What is required: Among the lines below, a stretch begins at the one with "rewrite /Ssym; have" and ends at the one with "Proof. by rewrite Sorig_psum Ssym_psum. Qed.". Repeat that stretch exactly, ends included.

Items from a dataset

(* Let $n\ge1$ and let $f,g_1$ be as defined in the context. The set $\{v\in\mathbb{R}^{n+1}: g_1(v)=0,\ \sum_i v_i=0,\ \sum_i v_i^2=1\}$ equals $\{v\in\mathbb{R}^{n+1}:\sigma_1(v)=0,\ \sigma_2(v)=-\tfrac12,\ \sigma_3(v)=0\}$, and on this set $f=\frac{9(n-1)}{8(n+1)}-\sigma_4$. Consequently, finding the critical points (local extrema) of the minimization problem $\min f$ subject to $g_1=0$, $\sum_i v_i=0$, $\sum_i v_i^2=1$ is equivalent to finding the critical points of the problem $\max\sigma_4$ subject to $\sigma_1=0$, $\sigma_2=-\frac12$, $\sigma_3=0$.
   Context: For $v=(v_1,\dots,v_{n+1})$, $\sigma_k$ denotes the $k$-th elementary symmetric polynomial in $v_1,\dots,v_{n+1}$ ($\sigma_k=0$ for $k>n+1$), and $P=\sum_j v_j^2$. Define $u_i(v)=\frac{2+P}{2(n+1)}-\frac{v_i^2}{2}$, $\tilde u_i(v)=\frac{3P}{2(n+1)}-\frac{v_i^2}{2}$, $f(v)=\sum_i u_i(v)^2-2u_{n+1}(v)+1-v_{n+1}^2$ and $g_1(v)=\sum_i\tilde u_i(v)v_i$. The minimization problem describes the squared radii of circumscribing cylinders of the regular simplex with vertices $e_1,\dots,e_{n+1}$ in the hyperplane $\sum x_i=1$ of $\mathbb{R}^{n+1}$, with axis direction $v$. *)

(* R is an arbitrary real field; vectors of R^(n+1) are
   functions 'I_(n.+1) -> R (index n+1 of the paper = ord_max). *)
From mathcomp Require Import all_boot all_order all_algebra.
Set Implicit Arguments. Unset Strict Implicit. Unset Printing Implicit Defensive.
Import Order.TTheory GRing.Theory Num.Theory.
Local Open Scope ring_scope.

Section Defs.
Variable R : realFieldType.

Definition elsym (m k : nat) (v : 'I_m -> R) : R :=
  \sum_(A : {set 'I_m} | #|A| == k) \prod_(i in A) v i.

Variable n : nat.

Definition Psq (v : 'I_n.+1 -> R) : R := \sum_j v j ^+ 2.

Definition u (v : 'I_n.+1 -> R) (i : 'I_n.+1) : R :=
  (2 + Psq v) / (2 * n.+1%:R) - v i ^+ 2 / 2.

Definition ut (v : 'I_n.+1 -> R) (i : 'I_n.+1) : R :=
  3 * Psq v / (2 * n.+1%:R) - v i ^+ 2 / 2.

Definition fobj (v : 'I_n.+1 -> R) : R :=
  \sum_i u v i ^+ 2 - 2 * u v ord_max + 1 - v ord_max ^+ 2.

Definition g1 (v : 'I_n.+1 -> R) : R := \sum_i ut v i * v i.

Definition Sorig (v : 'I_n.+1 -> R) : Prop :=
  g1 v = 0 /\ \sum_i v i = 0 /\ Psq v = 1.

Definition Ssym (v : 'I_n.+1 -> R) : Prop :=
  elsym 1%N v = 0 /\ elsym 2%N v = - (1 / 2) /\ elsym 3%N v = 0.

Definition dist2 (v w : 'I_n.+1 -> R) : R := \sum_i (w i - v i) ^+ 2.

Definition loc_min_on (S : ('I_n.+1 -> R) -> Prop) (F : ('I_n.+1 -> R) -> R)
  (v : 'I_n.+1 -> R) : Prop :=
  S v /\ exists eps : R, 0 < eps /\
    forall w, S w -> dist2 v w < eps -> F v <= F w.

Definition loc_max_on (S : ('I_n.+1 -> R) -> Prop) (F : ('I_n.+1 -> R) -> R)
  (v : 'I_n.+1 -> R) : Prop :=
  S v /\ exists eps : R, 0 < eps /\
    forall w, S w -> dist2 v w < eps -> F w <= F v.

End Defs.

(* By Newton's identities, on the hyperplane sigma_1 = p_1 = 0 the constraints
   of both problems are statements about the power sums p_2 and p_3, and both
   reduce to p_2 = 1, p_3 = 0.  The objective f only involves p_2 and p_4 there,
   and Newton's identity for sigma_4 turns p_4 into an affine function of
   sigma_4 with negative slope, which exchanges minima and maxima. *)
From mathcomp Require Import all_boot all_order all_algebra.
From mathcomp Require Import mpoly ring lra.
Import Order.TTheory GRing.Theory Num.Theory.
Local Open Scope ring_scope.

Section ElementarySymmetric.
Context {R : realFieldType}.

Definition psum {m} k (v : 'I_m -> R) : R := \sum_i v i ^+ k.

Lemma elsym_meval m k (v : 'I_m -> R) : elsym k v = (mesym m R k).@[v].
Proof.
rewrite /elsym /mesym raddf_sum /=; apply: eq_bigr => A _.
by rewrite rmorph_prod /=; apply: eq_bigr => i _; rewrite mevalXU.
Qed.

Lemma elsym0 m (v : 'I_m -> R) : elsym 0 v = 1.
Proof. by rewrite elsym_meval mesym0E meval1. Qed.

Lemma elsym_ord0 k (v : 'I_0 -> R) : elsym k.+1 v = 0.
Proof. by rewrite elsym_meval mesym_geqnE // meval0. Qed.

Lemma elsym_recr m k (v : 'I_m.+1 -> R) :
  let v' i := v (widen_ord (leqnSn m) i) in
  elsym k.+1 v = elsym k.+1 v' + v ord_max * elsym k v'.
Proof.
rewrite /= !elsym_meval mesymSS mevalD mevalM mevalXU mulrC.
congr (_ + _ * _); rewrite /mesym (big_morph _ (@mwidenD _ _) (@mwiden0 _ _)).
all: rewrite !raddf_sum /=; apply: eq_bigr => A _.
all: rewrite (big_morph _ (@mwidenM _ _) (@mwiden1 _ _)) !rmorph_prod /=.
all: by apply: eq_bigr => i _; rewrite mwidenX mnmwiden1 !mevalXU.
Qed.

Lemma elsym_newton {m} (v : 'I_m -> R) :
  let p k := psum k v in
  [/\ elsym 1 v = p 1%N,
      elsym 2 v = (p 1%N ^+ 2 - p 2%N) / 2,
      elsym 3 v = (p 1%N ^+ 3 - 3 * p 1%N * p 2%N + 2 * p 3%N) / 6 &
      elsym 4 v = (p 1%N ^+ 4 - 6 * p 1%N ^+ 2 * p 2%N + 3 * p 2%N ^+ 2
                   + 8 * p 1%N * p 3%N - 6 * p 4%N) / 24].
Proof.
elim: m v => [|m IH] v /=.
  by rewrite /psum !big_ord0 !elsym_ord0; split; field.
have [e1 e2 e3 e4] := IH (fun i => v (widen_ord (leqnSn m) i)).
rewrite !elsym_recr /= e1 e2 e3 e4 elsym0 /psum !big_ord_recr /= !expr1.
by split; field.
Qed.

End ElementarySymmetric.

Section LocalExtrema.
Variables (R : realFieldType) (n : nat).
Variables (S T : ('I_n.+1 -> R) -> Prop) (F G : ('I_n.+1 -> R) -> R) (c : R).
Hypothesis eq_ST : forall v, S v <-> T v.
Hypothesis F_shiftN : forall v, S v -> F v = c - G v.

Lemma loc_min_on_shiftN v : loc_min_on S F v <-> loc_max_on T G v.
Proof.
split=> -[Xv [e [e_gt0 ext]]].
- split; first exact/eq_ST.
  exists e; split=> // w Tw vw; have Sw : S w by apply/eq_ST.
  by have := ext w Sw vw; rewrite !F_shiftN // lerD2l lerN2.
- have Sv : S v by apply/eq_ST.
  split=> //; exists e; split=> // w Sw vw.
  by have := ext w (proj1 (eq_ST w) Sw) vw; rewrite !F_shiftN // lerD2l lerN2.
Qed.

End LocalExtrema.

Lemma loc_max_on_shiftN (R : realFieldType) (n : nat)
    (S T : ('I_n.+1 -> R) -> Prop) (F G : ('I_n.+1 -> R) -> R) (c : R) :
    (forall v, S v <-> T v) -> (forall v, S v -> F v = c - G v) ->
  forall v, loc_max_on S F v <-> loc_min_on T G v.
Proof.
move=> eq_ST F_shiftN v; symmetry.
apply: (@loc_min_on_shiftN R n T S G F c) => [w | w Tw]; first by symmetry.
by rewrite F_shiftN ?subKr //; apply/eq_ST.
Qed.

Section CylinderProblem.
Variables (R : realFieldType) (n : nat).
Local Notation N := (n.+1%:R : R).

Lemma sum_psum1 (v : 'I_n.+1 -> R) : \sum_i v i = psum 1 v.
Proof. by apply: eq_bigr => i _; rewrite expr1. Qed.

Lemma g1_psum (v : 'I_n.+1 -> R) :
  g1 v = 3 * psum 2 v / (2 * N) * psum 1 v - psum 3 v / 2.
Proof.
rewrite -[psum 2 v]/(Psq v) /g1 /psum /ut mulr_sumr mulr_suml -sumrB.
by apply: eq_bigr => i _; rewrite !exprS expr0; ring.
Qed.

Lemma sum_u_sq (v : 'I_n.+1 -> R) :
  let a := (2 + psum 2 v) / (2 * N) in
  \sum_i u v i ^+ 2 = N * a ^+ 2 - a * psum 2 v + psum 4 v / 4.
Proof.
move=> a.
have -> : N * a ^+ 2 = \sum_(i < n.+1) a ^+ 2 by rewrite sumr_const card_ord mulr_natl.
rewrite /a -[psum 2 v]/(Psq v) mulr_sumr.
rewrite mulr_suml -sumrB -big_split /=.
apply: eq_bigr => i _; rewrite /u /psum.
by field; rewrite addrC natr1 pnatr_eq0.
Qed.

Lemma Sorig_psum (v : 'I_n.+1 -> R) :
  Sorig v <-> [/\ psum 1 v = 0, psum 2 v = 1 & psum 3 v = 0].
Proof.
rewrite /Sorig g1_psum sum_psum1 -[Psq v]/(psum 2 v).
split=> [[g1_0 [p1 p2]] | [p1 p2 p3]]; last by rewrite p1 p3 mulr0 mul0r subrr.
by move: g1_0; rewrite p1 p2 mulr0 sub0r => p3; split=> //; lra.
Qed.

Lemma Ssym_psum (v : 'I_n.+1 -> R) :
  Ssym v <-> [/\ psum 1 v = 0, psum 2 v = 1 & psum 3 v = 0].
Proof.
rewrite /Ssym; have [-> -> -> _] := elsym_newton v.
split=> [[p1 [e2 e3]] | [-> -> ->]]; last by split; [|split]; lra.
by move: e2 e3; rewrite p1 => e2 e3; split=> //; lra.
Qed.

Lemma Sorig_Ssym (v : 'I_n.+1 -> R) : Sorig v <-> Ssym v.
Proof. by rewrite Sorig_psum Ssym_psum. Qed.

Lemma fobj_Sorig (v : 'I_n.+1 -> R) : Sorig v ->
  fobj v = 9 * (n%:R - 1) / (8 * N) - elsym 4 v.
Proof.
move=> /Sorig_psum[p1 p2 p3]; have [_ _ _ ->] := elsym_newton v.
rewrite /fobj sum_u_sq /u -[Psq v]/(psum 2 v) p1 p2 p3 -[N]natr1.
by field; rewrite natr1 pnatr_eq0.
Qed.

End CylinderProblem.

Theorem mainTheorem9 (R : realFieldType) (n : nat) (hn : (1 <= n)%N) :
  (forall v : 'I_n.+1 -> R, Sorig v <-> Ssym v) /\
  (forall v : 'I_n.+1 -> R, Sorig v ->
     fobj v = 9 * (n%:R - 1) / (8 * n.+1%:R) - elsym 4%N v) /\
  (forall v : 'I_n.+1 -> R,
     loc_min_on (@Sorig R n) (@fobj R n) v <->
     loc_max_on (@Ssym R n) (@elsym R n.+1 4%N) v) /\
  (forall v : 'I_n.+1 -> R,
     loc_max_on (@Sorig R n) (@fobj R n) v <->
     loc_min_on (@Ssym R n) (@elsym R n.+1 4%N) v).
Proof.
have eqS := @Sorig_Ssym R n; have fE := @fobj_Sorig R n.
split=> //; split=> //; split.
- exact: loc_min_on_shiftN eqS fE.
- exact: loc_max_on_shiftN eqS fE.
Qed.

Task response:
rewrite /Ssym; have [-> -> -> _] := elsym_newton v.
split=> [[p1 [e2 e3]] | [-> -> ->]]; last by split; [|split]; lra.
by move: e2 e3; rewrite p1 => e2 e3; split=> //; lra.
Qed.

Lemma Sorig_Ssym (v : 'I_n.+1 -> R) : Sorig v <-> Ssym v.
Proof. by rewrite Sorig_psum Ssym_psum. Qed.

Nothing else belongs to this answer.